Мальчишка поджал губы. Миска стоила дороже доллара, он мог бы получить за нее целый доллар, если бы подольше постоял на улице, но он устал, проголодался и хотел домой. Лукас ощутил даже подобие сочувствия к мальчишке, который был хитер и пронырлив, который был вором, но при этом хотел, как всякий нормальный человек, разделаться с работой, вернуться домой и отдохнуть.
— Отдам за семьдесят пять центов, — сказал мальчишка.
— Все равно много.
Мальчишка выдвинул вперед челюсть. Лукас знал: больше он не уступит. Он был вором, но обладал определенной гордостью; внутри у него было свое собственное королевство, и он не позволит ни толики от него отнять.
— Больше не уступлю. Бери или проваливай, — сказал он.
Сочувствие мешалось в Лукасе с гневом. Он понимал, как много значат для мальчишки эти семьдесят пять центов. Но ведь миска ему не стоила ни гроша. Он мог просто отдать ее Лукасу, которому она была нужна, и от этого не стал бы беднее. В какой-то миг Лукас почувствовал, как переворачивается этот непостижимый мир, в котором миска, которая не стоит ничего, которую он сам мог бы украсть (хотя он никогда не воровал — был слишком боязливым для этого), теперь обойдется ему в почти весь его недельный заработок.
Он огляделся по сторонам, будто в надежде обнаружить где-то позади или впереди себя другую миску или что-нибудь получше. Но ничего не обнаружил. Проброди он здесь хоть весь вечер, все равно не купил бы ничего, кроме жидкого пучка лука-порея или полбутылки пива.

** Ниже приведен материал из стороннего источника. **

Lemma continuous_angle_diff (p1 p2 q1 q2 : R -> R) t :
  continuous p1 t -> continuous p2 t -> continuous q1 t -> continuous q2 t ->
  not_antiparallel (p1 t) (p2 t) (q1 t) (q2 t) ->
  continuous (fun s => angle_diff (p1 s) (p2 s) (q1 s) (q2 s)) t.
Proof.
  intros C1 C2 C3 C4 Hna. unfold angle_diff, Rdiv.
  apply continuous_Rmult; [apply continuous_const |].
  apply continuous_atan_comp, continuous_Rmult.
  - apply (continuous_minus (V := R_NormedModule)); apply continuous_Rmult; assumption.
  - apply continuous_Rinv_comp; [| apply Rgt_not_eq, Hna].
    apply continuous_Rplus; [apply continuous_Rmult; apply continuous_sqrt_sum_sq; assumption |].
    apply continuous_Rplus; apply continuous_Rmult; assumption.
Qed.

Lemma arg_lift_angle_diff (p1 p2 q1 q2 phi : R -> R) :
  (forall t, continuous p1 t) -> (forall t, continuous p2 t) ->
  (forall t, continuous q1 t) -> (forall t, continuous q2 t) ->
  (forall t, not_antiparallel (p1 t) (p2 t) (q1 t) (q2 t)) ->
  arg_lift p1 p2 phi ->
  arg_lift q1 q2 (fun t => phi t + angle_diff (p1 t) (p2 t) (q1 t) (q2 t)).
Proof.
  intros C1 C2 C3 C4 Hna [Hphi Hlift]. split.
  - intros t. apply continuous_Rplus; [apply Hphi | apply continuous_angle_diff; auto].
  - intros t. destruct (Hlift t). apply arg_rotate_angle_diff; auto.
Qed.

Lemma not_antiparallel_same_first a b1 b2 : (a = 0 -> 0 < b1 * b2) ->
  not_antiparallel a b1 a b2.
Proof.
  unfold not_antiparallel. intros Hzero.
  set (S := sqrt (a ^ 2 + b1 ^ 2) * sqrt (a ^ 2 + b2 ^ 2)).
  assert (HS0 : 0 <= S) by (apply Rmult_le_pos; apply sqrt_pos).
  assert (HS2 : S * S = (a ^ 2 + b1 ^ 2) * (a ^ 2 + b2 ^ 2)).
  { unfold S. rewrite <- sqrt_mult by nra. apply sqrt_sqrt. nra. }
  assert (HS : a ^ 2 + Rabs (b1 * b2) <= S).
  { rewrite Rabs_mult, <- (pow2_abs b1), <- (pow2_abs b2) in *.
    set (x := Rabs b1) in *. set (y := Rabs b2) in *.
    assert (0 <= x) by apply Rabs_pos. assert (0 <= y) by apply Rabs_pos.
    assert (0 <= a ^ 2 * (x - y) ^ 2) by (apply Rmult_le_pos; apply pow2_ge_0).
    assert (Hsq : (a ^ 2 + x * y) * (a ^ 2 + x * y) <= S * S) by (rewrite HS2; nra).
    apply Rsqr_incr_0_var; [exact Hsq | exact HS0]. }
  pose proof (Rle_abs (- (b1 * b2))) as Habs. rewrite Rabs_Ropp in Habs.
  destruct (Req_dec a 0) as [Ha | Ha].
  - specialize (Hzero Ha). subst a. lra.
  - assert (0 < a ^ 2) by (apply pow2_gt_0; exact Ha). lra.
Qed.

Lemma arg_lift_increment_transfer (p1 p2 q1 q2 : R -> R) a b c w :
  (forall t, continuous p1 t) -> (forall t, continuous p2 t) ->
  (forall t, continuous q1 t) -> (forall t, continuous q2 t) ->
  p1 b = p1 a -> p2 b = p2 a -> q1 b = q1 a -> q2 b = q2 a ->
  (forall t, not_antiparallel (p1 t) (p2 t) (q1 t) (q2 t)) ->
  (exists phi, arg_lift p1 p2 phi /\ w = (phi b - phi a) / c) ->
  (exists psi, arg_lift q1 q2 psi /\ w = (psi b - psi a) / c).
Proof.
  intros C1 C2 C3 C4 E1 E2 E3 E4 Hna [phi [Hphi ->]].
  exists (fun t => phi t + angle_diff (p1 t) (p2 t) (q1 t) (q2 t)). split.
  - apply arg_lift_angle_diff; assumption.
  - rewrite E1, E2, E3, E4. unfold Rdiv. ring.
Qed.

Lemma WN_eq_of_not_antiparallel (F1 F2 G1 G2 : R -> R -> R) :
  (forall t, continuous (Derive (bdry F1)) t) -> (forall t, continuous (Derive (bdry F2)) t) ->
  (forall t, continuous (Derive (bdry G1)) t) -> (forall t, continuous (Derive (bdry G2)) t) ->
  Derive (bdry F1) (2 * PI) = Derive (bdry F1) 0 ->
  Derive (bdry F2) (2 * PI) = Derive (bdry F2) 0 ->
  Derive (bdry G1) (2 * PI) = Derive (bdry G1) 0 ->
  Derive (bdry G2) (2 * PI) = Derive (bdry G2) 0 ->
  (forall t, not_antiparallel (Derive (bdry F1) t) (Derive (bdry F2) t)
                              (Derive (bdry G1) t) (Derive (bdry G2) t)) ->
  WN F1 F2 = WN G1 G2.
Proof.
  intros C1 C2 C3 C4 E1 E2 E3 E4 Hna. unfold WN. f_equal.
  apply functional_extensionality. intros w.
  apply propositional_extensionality. split;
    apply arg_lift_increment_transfer; auto using not_antiparallel_sym.
Qed.

Lemma tangents_not_antiparallel c s X Y V W : c ^ 2 + s ^ 2 = 1 -> X * W - Y * V > 0 ->
  not_antiparallel (- s * X + c * Y) (c * X + s * Y) (- s * X + c * Y) (- s * V + c * W).
Proof.
  intros Hcs Hdet. apply not_antiparallel_same_first. intros Hzero.
  (* On the unit circle the left-hand side is u_r v_θ - u_θ v_r. *)
  assert (Hid : (c * X + s * Y) * (- s * V + c * W) - (- s * X + c * Y) * (c * V + s * W)
              = (c ^ 2 + s ^ 2) * (X * W - Y * V)) by ring.
  rewrite Hzero, Hcs in Hid. lra.
Qed.

Theorem lemma3p11
  (u v ux uy vx vy ut utx uty : R -> R -> R) :
  (* U = (u, v) ∈ C^1(closed B; R^2), harmonic in B *)
  C1_cB u ux uy -> C1_cB v vx vy ->
  harmonic_in_B u -> harmonic_in_B v ->
  (* ut is a harmonic conjugate of u in B (Cauchy-Riemann for f = u + i ut),
     taken with its continuous (C^1) extension to the closed disk *)
  C1_cB ut utx uty ->
  (forall x y, in_B x y -> utx x y = - uy x y /\ uty x y = ux x y) ->
  (* det DU > 0 on ∂B *)
  (forall x y, on_dB x y -> ux x y * vy x y - uy x y * vx x y > 0) ->
  (* ∂u/∂θ restricted to ∂B vanishes at only finitely many points *)
  (exists l : list (R * R), forall x y, on_dB x y ->
      - y * ux x y + x * uy x y = 0 -> In (x, y) l) ->
  WN u ut = WN u v.
Proof.
  intros Cu Cv _ _ Ct Hcr Hdet _.
  assert (Hcr_dB : forall x y, on_dB x y -> utx x y = - uy x y /\ uty x y = ux x y).
  { destruct Cu as [_ [Cux [Cuy _]]]. destruct Ct as [_ [Ctx [Cty _]]].
    intros x y Hxy. split.
    - apply (continuous_on_cB_ext_dB utx (fun x y => - uy x y));
        auto using continuous_on_cB_opp. intros x' y' Hxy'. apply Hcr, Hxy'.
    - apply (continuous_on_cB_ext_dB uty ux); auto. intros x' y' Hxy'. apply Hcr, Hxy'. }
  apply WN_eq_of_not_antiparallel; eauto using continuous_Derive_bdry, Derive_bdry_2PI.
  intros t.
  rewrite (Derive_bdry u ux uy t Cu), (Derive_bdry ut utx uty t Ct),
    (Derive_bdry v vx vy t Cv).
  destruct (Hcr_dB _ _ (on_dB_cos_sin t)) as [-> ->].
  replace (- sin t * - uy (cos t) (sin t) + cos t * ux (cos t) (sin t))
    with (cos t * ux (cos t) (sin t) + sin t * uy (cos t) (sin t)) by ring.
  apply tangents_not_antiparallel; [apply on_dB_cos_sin | apply Hdet, on_dB_cos_sin].
Qed.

— Хорошо, идет, — сказал он.
Он достал из кармана деньги и отсчитал семьдесят пять центов. Они с мальчишкой помедлили, дожидаясь, кто сделает первый шаг, и наконец нашли способ обменять миску на монеты так, чтобы при этом ни тот, ни другой ни на секунду не оставался с пустыми руками. Лукас почувствовал, как шершавые пальцы мальчишки схватили деньги. Как у него в руках оказалась миска.
Опасаясь, как бы Лукас не передумал, мальчишка убежал. Лукас тревожно рассматривал миску. Вдруг она ненастоящая? Вдруг превратится в кусок дерева? Нет, она и вправду была красивая. У него в руках она, казалось, испускает неясное белое свечение. Вдоль ободка у нее шел загадочный рисунок — что-то вроде крошечных синих солнц, инистых дисков, от которых расходились лучики тоньше человеческого волоса.

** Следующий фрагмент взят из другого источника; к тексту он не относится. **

Lemma exists_G1_ge_mul_G : exists nu, 0 < nu /\ forall s, a <= s -> nu * G s <= G1 s.
Proof.
  assert (HKa : 0 < K1 * Rpower (G a) (p - 1)).
  { apply Rmult_lt_0_compat; [lra | apply Rpower_pos]. }
  destruct (filter_ex _ (filter_and _ _ (at_right_gt 0)
              (filter_and _ _ (at_right_0_mul_le 1 1 Rlt_0_1)
              (filter_and _ _ (at_right_0_mul_le _ (Rabs k + 1) HKa)
                              (at_right_0_mul_le _ (G a) HG1a)))))
    as [nu [Hnu [Hnu1 [HnuK HnuG]]]].
  exists nu; split; [exact Hnu |]. intros s Hs.
  enough (0 <= G1 s - nu * G s) by lra.
  apply (nonneg_of_derive_add_scal_nonneg (fun s => G1 s - nu * G s)
           (fun s => G2 s - nu * G1 s) (k + nu) a); [| | lra | exact Hs].
  - intros x Hx. apply (is_derive_minus G1 (fun s => nu * G s)).
    + now apply HG1.
    + now apply is_derive_scal, HG.
  - intros x Hx. assert (HGx := G_pos x Hx).
    assert (Hsplit : Rpower (G x) p = Rpower (G x) (p - 1) * G x).
    { rewrite <- Rpower_plus_1 by lra. f_equal. ring. }
    assert (Hmono : Rpower (G a) (p - 1) <= Rpower (G x) (p - 1)).
    { apply Rle_Rpower_l; [lra | split; [lra | now apply G_ge_G_a]]. }
    assert (Hi := Hineq x Hx). rewrite abspow_pos, Hsplit in Hi by lra.
    assert (Hcoef : (k + nu) * nu <= K1 * Rpower (G x) (p - 1)).
    { generalize (Rle_abs k). nra. }
    assert ((k + nu) * nu * G x <= K1 * Rpower (G x) (p - 1) * G x).
    { apply Rmult_le_compat_r; lra. }
    lra.
Qed.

То есть с миской все было хорошо. Но у него оставалось всего двадцать восемь центов — на это троим целую неделю не прокормиться. И тем не менее у него был подарок для Кэтрин. О еде и деньгах он подумает потом.
Он вернулся на Пятую улицу и стучался в дверь до тех пор, пока крохотная женщина не открыла ему. Она удивилась, что он опять явился, но на этот раз впустила его легче. Она снова предупредила, чтобы он не проказничал. Лукас обещал и поднялся по лестнице к квартире Кэтрин.
Кэтрин открыла ему. Его появление, судя по всему, ее не обрадовало, но и не расстроило. Он подумал, не изменился ли снова, не стал ли неузнаваемым для нее, хотя на нем была та же одежда и та же грязь, что и вчера.
— Далеко, в пустыни и горы, я ушел один на охоту, — выговорил он, прежде чем успел спохватиться.
— Привет, хороший мой, — сказала она. — Как твои дела?
Сегодня вечером у нее было новое выражение лица, утомленно-скучающее.
Из глубины квартиры до Лукаса донесся странный звук — смех с подвываниями, скорее всего издаваемый Олмой. Затем раздался мужской голос, низкий и решительный, произнесший что-то неразборчивое.
Кэтрин шагнула в переднюю и прикрыла за собой дверь.
— Лукас, — сказала она, — не надо было сюда приходить, сейчас не надо.